## Work to complete
In the material below, repeat only the lines from the one that holds "move=> _ [G_sep" through the final line, exactly as they stand.

[Data extract]

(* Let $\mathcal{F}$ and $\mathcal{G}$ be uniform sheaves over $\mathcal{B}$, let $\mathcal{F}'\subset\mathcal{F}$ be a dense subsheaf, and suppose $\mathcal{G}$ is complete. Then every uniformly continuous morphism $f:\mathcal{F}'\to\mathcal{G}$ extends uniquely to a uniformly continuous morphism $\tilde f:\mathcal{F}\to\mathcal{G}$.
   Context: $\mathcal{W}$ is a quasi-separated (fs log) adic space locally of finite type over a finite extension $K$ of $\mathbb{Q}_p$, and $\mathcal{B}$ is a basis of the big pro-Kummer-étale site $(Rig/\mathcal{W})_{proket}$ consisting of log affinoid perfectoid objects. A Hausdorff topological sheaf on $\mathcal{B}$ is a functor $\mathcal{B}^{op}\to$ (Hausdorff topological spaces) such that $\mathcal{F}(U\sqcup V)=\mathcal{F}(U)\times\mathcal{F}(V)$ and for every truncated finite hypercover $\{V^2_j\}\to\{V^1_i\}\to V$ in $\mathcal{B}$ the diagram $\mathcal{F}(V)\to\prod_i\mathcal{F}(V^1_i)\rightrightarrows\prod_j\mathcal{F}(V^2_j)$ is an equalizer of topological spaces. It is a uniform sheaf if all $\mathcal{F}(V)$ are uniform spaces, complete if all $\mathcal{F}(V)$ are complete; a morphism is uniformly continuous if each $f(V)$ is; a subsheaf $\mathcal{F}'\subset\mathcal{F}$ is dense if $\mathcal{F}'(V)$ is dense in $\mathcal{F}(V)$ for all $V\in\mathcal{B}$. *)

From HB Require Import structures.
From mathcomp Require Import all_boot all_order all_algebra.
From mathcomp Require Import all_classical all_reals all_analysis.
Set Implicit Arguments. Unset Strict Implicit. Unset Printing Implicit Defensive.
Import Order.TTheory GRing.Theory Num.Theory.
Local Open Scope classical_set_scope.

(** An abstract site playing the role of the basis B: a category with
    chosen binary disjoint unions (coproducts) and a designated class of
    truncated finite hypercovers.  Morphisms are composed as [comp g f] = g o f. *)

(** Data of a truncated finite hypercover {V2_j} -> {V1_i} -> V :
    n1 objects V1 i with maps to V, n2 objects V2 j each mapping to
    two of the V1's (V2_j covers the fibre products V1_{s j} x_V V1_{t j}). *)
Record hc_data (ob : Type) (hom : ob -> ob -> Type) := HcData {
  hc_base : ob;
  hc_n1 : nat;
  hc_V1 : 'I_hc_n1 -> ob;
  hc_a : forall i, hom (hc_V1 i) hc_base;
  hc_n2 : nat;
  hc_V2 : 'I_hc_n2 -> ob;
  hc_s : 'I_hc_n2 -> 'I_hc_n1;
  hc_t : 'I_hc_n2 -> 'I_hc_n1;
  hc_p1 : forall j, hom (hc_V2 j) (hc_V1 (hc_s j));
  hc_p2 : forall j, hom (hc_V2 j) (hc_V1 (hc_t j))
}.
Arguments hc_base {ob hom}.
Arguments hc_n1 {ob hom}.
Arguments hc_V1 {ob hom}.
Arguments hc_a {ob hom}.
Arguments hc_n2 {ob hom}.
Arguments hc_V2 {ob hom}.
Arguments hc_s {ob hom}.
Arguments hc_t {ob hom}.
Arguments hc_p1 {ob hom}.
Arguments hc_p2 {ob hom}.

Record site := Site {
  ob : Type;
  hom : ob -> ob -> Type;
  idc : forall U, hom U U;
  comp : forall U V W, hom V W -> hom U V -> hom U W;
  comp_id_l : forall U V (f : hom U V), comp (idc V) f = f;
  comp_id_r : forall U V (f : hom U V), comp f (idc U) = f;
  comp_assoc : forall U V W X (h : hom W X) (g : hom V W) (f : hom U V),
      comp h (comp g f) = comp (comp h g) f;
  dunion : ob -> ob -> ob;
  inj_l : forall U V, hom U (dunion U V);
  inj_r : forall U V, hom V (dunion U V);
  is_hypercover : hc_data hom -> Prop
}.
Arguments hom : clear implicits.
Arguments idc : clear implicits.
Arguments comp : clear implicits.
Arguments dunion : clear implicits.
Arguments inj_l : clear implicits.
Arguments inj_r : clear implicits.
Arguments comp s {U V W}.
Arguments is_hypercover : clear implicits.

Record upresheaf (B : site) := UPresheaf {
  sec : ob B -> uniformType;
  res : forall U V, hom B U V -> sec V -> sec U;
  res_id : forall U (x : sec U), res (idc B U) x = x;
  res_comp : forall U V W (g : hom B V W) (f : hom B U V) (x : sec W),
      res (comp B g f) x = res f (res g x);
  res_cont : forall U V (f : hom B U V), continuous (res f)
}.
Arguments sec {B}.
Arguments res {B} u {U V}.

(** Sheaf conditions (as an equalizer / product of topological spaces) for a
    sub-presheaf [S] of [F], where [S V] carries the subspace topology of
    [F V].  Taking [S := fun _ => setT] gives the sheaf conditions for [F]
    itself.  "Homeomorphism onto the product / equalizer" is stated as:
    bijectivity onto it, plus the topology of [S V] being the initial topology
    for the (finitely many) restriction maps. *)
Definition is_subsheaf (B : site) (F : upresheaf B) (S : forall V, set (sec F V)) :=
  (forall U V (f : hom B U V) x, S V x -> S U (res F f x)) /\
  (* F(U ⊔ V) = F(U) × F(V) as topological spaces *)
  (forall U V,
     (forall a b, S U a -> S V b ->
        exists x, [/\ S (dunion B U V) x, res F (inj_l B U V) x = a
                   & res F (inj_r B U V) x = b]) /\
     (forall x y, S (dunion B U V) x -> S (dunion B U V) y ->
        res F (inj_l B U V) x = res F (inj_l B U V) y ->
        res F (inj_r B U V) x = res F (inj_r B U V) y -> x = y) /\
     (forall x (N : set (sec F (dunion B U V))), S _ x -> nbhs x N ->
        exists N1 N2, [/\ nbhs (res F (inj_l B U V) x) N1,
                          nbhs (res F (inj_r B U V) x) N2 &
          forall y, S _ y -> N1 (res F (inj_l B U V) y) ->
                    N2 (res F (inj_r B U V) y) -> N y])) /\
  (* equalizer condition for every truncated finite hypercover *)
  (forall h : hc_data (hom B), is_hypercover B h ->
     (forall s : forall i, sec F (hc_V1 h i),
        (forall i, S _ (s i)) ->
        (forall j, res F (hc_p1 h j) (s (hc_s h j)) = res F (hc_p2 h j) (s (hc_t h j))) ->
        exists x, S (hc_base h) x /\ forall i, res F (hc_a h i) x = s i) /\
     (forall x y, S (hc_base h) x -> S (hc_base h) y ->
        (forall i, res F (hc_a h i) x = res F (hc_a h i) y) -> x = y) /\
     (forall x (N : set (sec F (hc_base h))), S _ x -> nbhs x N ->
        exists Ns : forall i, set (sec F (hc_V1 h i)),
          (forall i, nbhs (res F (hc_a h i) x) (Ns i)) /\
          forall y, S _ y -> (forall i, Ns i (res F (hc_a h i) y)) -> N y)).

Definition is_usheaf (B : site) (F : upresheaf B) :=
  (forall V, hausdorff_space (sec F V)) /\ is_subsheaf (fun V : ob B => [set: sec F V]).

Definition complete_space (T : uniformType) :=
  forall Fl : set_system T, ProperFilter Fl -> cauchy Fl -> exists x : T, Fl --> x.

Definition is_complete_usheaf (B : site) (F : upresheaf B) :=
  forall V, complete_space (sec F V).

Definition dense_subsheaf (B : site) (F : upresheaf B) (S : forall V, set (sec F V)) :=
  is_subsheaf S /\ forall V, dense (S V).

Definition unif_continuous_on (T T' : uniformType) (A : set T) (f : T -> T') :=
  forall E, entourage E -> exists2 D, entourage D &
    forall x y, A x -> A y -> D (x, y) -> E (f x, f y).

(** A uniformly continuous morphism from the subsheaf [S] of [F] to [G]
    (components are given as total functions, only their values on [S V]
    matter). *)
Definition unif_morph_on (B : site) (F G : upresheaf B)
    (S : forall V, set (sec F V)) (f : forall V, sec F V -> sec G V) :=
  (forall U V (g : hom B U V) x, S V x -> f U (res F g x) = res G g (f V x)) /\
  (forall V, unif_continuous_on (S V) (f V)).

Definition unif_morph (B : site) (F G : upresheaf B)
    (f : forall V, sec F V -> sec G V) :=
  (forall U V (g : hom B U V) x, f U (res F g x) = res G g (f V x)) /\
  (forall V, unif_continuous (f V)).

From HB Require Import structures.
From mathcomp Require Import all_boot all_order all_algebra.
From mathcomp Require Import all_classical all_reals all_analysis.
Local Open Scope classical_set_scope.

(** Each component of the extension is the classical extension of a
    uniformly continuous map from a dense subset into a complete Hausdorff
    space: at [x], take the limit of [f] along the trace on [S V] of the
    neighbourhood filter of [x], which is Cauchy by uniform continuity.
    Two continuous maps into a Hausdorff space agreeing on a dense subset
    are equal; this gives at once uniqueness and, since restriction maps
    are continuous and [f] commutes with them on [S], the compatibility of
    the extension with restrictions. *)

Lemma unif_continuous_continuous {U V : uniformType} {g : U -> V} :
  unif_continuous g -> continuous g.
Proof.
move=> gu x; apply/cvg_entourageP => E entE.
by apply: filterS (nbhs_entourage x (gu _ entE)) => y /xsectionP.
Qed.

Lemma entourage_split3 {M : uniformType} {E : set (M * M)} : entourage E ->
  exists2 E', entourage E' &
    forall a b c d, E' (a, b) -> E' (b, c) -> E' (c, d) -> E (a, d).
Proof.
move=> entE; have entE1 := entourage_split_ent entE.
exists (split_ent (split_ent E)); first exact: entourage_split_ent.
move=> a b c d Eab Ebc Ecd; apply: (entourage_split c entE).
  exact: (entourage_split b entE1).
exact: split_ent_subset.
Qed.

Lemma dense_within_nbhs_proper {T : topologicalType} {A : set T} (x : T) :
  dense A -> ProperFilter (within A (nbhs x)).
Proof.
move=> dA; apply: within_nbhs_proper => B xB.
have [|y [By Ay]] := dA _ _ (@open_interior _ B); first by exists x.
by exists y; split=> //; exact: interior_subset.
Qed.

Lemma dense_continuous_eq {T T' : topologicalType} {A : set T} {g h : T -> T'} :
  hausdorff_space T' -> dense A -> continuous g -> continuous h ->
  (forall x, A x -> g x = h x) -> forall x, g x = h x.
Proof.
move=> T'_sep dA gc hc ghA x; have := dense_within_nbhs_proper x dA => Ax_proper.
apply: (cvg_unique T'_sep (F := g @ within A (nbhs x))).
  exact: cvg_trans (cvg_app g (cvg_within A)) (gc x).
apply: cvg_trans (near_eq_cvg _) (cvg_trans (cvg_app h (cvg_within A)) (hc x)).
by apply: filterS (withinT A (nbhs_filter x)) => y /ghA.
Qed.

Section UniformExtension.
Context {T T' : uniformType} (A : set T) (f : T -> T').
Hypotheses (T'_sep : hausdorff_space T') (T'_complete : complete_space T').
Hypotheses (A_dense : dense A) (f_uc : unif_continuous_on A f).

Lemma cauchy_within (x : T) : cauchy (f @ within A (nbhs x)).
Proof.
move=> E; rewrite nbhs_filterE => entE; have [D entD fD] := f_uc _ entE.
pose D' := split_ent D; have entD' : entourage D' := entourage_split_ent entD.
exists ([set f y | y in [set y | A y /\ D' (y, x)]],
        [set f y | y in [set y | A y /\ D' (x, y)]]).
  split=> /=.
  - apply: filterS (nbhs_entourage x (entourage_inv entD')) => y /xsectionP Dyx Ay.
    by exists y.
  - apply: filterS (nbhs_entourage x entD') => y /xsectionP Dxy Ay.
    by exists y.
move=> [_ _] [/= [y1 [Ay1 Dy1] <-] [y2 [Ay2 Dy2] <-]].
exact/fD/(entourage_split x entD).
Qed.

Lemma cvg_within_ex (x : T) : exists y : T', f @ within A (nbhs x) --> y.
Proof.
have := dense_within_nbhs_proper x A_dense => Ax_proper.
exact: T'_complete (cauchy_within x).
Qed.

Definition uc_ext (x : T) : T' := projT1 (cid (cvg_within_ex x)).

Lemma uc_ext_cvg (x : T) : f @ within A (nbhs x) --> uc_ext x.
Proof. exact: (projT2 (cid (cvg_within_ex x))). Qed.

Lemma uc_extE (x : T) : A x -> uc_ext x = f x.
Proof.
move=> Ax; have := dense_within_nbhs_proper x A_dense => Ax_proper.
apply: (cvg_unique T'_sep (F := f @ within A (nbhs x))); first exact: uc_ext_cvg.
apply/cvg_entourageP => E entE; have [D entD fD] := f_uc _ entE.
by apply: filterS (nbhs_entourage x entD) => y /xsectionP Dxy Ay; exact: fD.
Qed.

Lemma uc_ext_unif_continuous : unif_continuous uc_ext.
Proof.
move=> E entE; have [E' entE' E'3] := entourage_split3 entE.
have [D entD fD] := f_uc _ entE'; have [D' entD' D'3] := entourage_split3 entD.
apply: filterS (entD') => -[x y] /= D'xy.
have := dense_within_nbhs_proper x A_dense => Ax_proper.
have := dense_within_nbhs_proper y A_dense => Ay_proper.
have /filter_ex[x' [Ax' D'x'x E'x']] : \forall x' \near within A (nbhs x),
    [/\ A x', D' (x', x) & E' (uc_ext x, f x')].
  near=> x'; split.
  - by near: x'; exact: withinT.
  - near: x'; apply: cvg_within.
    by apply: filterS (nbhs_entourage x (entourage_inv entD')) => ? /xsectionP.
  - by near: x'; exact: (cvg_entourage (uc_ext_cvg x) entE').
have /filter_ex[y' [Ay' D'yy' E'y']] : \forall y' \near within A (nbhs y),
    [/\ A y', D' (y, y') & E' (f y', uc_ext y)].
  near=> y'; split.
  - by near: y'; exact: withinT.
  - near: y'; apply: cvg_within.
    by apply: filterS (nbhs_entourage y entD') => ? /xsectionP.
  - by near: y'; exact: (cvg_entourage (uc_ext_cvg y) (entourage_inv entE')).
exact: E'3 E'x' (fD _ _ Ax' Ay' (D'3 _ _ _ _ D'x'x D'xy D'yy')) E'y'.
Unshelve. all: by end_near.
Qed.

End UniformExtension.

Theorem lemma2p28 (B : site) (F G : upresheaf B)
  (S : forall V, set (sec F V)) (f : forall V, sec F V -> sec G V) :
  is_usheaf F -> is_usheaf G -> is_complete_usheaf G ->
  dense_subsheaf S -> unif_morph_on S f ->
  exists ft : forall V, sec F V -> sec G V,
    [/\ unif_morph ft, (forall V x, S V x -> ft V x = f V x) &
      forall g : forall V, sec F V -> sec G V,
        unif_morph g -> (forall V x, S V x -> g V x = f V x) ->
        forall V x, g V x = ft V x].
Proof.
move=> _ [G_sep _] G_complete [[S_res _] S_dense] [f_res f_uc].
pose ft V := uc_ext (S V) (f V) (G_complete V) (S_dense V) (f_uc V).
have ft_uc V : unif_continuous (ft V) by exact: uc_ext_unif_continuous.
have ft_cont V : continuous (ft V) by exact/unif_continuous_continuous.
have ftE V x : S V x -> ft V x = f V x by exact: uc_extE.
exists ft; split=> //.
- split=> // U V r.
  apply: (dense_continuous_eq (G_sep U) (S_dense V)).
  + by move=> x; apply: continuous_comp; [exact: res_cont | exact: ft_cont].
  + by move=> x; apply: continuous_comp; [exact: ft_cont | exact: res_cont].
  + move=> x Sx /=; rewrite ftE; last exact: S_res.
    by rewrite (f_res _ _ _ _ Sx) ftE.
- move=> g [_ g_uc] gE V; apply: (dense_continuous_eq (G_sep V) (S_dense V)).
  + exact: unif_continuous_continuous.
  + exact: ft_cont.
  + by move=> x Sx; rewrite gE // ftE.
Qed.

[/Data extract]

## Exercise output
move=> _ [G_sep _] G_complete [[S_res _] S_dense] [f_res f_uc].
pose ft V := uc_ext (S V) (f V) (G_complete V) (S_dense V) (f_uc V).
have ft_uc V : unif_continuous (ft V) by exact: uc_ext_unif_continuous.
have ft_cont V : continuous (ft V) by exact/unif_continuous_continuous.
have ftE V x : S V x -> ft V x = f V x by exact: uc_extE.
exists ft; split=> //.
- split=> // U V r.
  apply: (dense_continuous_eq (G_sep U) (S_dense V)).
  + by move=> x; apply: continuous_comp; [exact: res_cont | exact: ft_cont].
  + by move=> x; apply: continuous_comp; [exact: ft_cont | exact: res_cont].
  + move=> x Sx /=; rewrite ftE; last exact: S_res.
    by rewrite (f_res _ _ _ _ Sx) ftE.
- move=> g [_ g_uc] gE V; apply: (dense_continuous_eq (G_sep V) (S_dense V)).
  + exact: unif_continuous_continuous.
  + exact: ft_cont.
  + by move=> x Sx; rewrite gE // ftE.
Qed.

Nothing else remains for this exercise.